The last time I saw Fred and Rochelle in person was sometime in the 80’s, when they were still living in the Chicago area.  They later moved to Salt Lake City, Utah, where Fred was the rabbi at Cong. Kol Ami until he recently retired.  They raised their two children, Haim and Miriam, and when Miriam announced her engagement, they called me to say that they wanted to commission me to make her ketubah as their wedding gift to her.  I told them that they’d have to come up with something else to give Miriam and her fiance, Daniel, because this one’s on me.
The amazing thing is:  Miriam and Daniel have my first second-generation ketubah, and their parents have the first one I ever made.  It was truly beshert (destined):  I had another couple in line to be the first second-generation couple, but they changed their mind.  The universe intended for this milestone to be in the hands of the Wenger-Landis family.
Perhaps it seems grandiose to say that the universe put it’s big hand into this little arrangement.  But, when I look at the photo: at the primitive, shaky, faded work done by a kid who didn’t know about archival materials, yet expressed the exuberance of discovery; contrasted with a ketubah that reflects my life’s work (so far) of making ketubot, it moves me.  What also moves me is seeing the faces of my dear friends, who were shy, coltish, crazy-in-love kids when I made their ketubah in 1973, and how well life has turned out for them.  They are beloved in their community, have years of good works that have helped many, and have raised two wonderful and successful adult children– now they have Daniel in the family, too!

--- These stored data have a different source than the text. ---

Lemma value_combine v p n x :
  value (lhs (combine v p n)) x = - coef (lhs n) v * value (lhs p) x + coef (lhs p) v * value (lhs n) x.
Proof. unfold value. simpl. unfold scale. rewrite eval_term_app, !eval_term_scale. reflexivity. Qed.

Lemma eliminate_derivable v S k : In k (eliminate v S) -> derivable S k.
Proof.
  intro hk. destruct (in_eliminate v S k hk) as [[hin _] | [p [n [hp [hn [hap [han ->]]]]]]].
  - apply derivable_in, hin.
  - apply derivable_add; apply derivable_scale; try lra; apply derivable_in; assumption.
Qed.

Lemma eliminate_supported v vs S : supported (v :: vs) S -> supported vs (eliminate v S).
Proof.
  intros hsupp k hk w hw.
  destruct (Nat.eq_dec w v) as [-> | ne].
  - destruct (in_eliminate v S k hk) as [[_ hv] | [p [n [_ [_ [_ [_ ->]]]]]]];
      [exact hv | rewrite coef_combine; ring].
  - assert (hw' : ~ In w (v :: vs)) by (intros [e | e]; [congruence | tauto]).
    destruct (in_eliminate v S k hk) as [[hin _] | [p [n [hp [hn [_ [_ ->]]]]]]].
    + exact (hsupp k hin w hw').
    + rewrite coef_combine, (hsupp p hp w hw'), (hsupp n hn w hw'). ring.
Qed.

(* The value of [v] at which [k] becomes tight, the other coordinates being those of [x]. *)
Definition threshold (x : nat -> R) (v : nat) (k : constraint) : R :=
  x v + (rhs k - value (lhs k) x) / coef (lhs k) v.

Lemma holds_update x v s k :
  holds (update x v s) k <-> rlt_if (strict k) (rhs k) (value (lhs k) x + coef (lhs k) v * (s - x v)).
Proof. unfold holds. rewrite value_update. reflexivity. Qed.

Lemma eliminate_feasible v S : feasible (eliminate v S) -> feasible S.
Proof.
  intros [x hx].
  set (lower := select (Rlt 0) (Rlt_dec 0) v S).
  set (upper := select (fun r => r < 0) (fun r => Rlt_dec r 0) v S).
  destruct (exists_between lower upper (threshold x v) strict (threshold x v) strict)
    as [s [hlo hup]].
  { intros p n hp hn.
    assert (hc : holds x (combine v p n)).
    { apply hx. unfold eliminate. apply in_or_app. right. apply in_flat_map.
      exists p. split; [exact hp | apply in_map, hn]. }
    apply in_select in hp, hn. unfold holds in hc. rewrite value_combine in hc.
    apply rlt_if_thresholds; [apply hp | apply hn | exact hc]. }
  exists (update x v s). intros k hk. apply holds_update.
  destruct (Rtotal_order (coef (lhs k) v) 0) as [hneg | [hzero | hpos]].
  - apply rlt_if_affine_neg; [exact hneg |]. apply hup, in_select. auto.
  - rewrite hzero, Rmult_0_l, Rplus_0_r. apply hx.
    unfold eliminate. apply in_or_app. left. apply in_select. auto.
  - apply rlt_if_affine_pos; [exact hpos |]. apply hlo, in_select. auto.
Qed.

Theorem infeasible_absurd vs : forall S, supported vs S -> ~ feasible S ->
  exists k, derivable S k /\ absurd k.
Proof.
  induction vs as [|v vs IH]; intros S hsupp hinf.
  - destruct (not_all_ex_not _ _ (fun h => hinf (ex_intro _ (fun _ => 0) h))) as [k hk].
    apply imply_to_and in hk. destruct hk as [hin hk].
    assert (hcoef : forall w, coef (lhs k) w = 0) by (intro w; apply (hsupp k hin); tauto).
    exists k. split; [apply derivable_in, hin | split; [exact hcoef |]].
    unfold holds in hk. rewrite value_coef_zero in hk; assumption.
  - destruct (IH (eliminate v S)) as [k [hd hk]].
    + apply eliminate_supported, hsupp.
    + intro h. apply hinf, (eliminate_feasible v), h.
    + exists k. split; [| exact hk]. exact (derivable_trans _ _ _ (eliminate_derivable v S) hd).
Qed.

(** * Refuting a conjunction of literals *)

Definition opp_term (u : term) : term := map (fun p => (- fst p, snd p)) u.

Lemma coef_opp_term u v : coef (opp_term u) v = - coef u v.
Proof. induction u as [|[a w] u IH]; simpl; [lra | rewrite IH; destruct (Nat.eq_dec w v); lra]. Qed.

(* The constraints [P] together with [u < d], written as the strict constraint [- u > - d]. *)
Definition system (P : list (term * R)) (u : term) (d : R) : list constraint :=
  Constraint (opp_term u) (- d) true :: map (fun tc => Constraint (fst tc) (snd tc) false) P.
(* Let $p$ be a prime, let $\lambda$ be a partition, and write $r(\lambda)=(r_1,\ldots,r_{p-1})$. Then $c^{(p)}_\lambda\neq 0$ if and only if both of the following hold: (i) $p\nmid|\lambda|$; (ii) there exists $a\in\{1,\ldots,p-1\}$ with $r_a=\max r(\lambda)$ such that $\max r(\lambda)\leq |{}^b r(\lambda)|_p$, where $b\in\{1,\ldots,p-1\}$ satisfies $ab\equiv 1 \pmod p$.
   Context: A composition of $n\in\mathbb{N}_0$ is a finite sequence $\delta=(\delta_1,\ldots,\delta_s)$ of positive integers with $\sum_i\delta_i=n$; write $\ell(\delta)=s$, $|\delta|=n$; the unique composition of $0$ is the empty composition. A partition is a composition with $\delta_1\geq\cdots\geq\delta_s$. Partial sums: $\delta^+_j=\sum_{i=1}^j\delta_i$. For a positive integer $d$, $n_d(\delta)=|\{i:\delta_i=d\}|$. For a positive integer $q$, a composition $\delta$ is called $q'$-cumulative if it is nonempty and $q\nmid\delta^+_j$ for all $1\leq j\leq\ell(\delta)$ (the empty composition is not regarded as $q'$-cumulative). For a partition $\lambda$, $\mathscr{C}(\lambda)$ is the set of compositions that are rearrangements of $\lambda$, and $c^{(q)}_\lambda$ is the number of $q'$-cumulative $\delta\in\mathscr{C}(\lambda)$. For $0\leq j\leq q-1$, $r_j(\delta)=\sum_{i\equiv j \,(\mathrm{mod}\ q)}n_i(\delta)$, and $r(\delta)=(r_1(\delta),\ldots,r_{q-1}(\delta))\in\mathbb{N}_0^{q-1}$. For $\mathbf{r}=(r_1,\ldots,r_{q-1})\in\mathbb{N}_0^{q-1}$: $|\mathbf{r}|_q=(q-1)+\sum_{i=2}^{q-1}(q-i)r_i$, $\max\mathbf{r}=\max\{r_1,\ldots,r_{q-1}\}$, and for $a$ invertible modulo $q$, ${}^a\mathbf{r}=(r'_1,\ldots,r'_{q-1})$ where $r'_j=r_i$ whenever $j\equiv ai \pmod q$ ($1\le i,j\le q-1$). *)

From mathcomp Require Import all_boot.
Set Implicit Arguments. Unset Strict Implicit. Unset Printing Implicit Defensive.

Definition is_partition (l : seq nat) : bool :=
  all (fun x => 0 < x) l && sorted geq l.

Definition psum (d : seq nat) (j : nat) : nat := sumn (take j d).

Definition cumulative (q : nat) (d : seq nat) : bool :=
  (d != [::]) && all (fun j => ~~ (q %| psum d j)) (iota 1 (size d)).

(* C(lambda): the rearrangements of lambda (permutations is duplicate-free);
   c^(q)_lambda = number of q'-cumulative ones. *)
Definition cnum (q : nat) (l : seq nat) : nat := count (cumulative q) (permutations l).

Definition nmult (d : nat) (dl : seq nat) : nat := count (pred1 d) dl.

Definition rj (q : nat) (dl : seq nat) (j : nat) : nat :=
  \sum_(1 <= i < (\max_(x <- dl) x).+1 | i == j %[mod q]) nmult i dl.

(* r vectors are functions nat -> nat, meaningful on indices 1..q-1 *)
Definition rvec (q : nat) (dl : seq nat) : nat -> nat := rj q dl.

Definition rnorm (q : nat) (r : nat -> nat) : nat :=
  (q - 1) + \sum_(2 <= i < q) (q - i) * r i.

Definition rmax (q : nat) (r : nat -> nat) : nat := \max_(1 <= i < q) r i.

(* ^a r : r'_j = r_i whenever j = a i (mod q), 1 <= i,j <= q-1 *)
Definition rtwist (q a : nat) (r : nat -> nat) : nat -> nat :=
  fun j => r (nth 0 [seq i <- iota 1 q.-1 | a * i == j %[mod q]] 0).

From mathcomp Require Import all_boot zify.
Set Implicit Arguments. Unset Strict Implicit. Unset Printing Implicit Defensive.

(* Fix b with a b = 1 (mod p), where r_a is maximal, and look at the residues b x mod p of
   the parts x.  Then r_a is the number M of parts of residue 1, and max r <= |^b r|_p
   becomes the weight bound p M + T <= p - 1 + p N, where N counts the parts of nonzero
   residue and T is the sum of the residues.  Along a p'-cumulative arrangement,
   p M + T - p N never exceeds the residue of the current partial sum, which gives
   necessity.  Conversely, if the weight bound holds and M is maximal, some part can be
   removed so that both properties persist for the remaining parts, either for the same b
   or for b t^-1, where t is the residue of the total; placing the removed parts last, in
   reverse order of removal, yields a p'-cumulative arrangement. *)

Section Cumulative.
Variable p : nat.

We move through our lives, as my dad says when I ask him how he’s doing:  “Just plodding along.”  We seldom get the opportunity to take stock of where we came from, and where we’ve arrived.  This photo does that for me.  I feel very blessed to have met Fred and Rochelle, and for the tremendous impact Fred made in my life by simply saying, “Why don’t you make my ketubah?”  It reminds me that we all can have this impact, if we pay attention, and put our energies towards positive things, for ourselves and in encouraging others.  Being a free-lance artist isn’t an easy life; it is constantly challenging and frustrating at times, but this is more than offset by the joy I experience in making ketubot as a collaborative art form.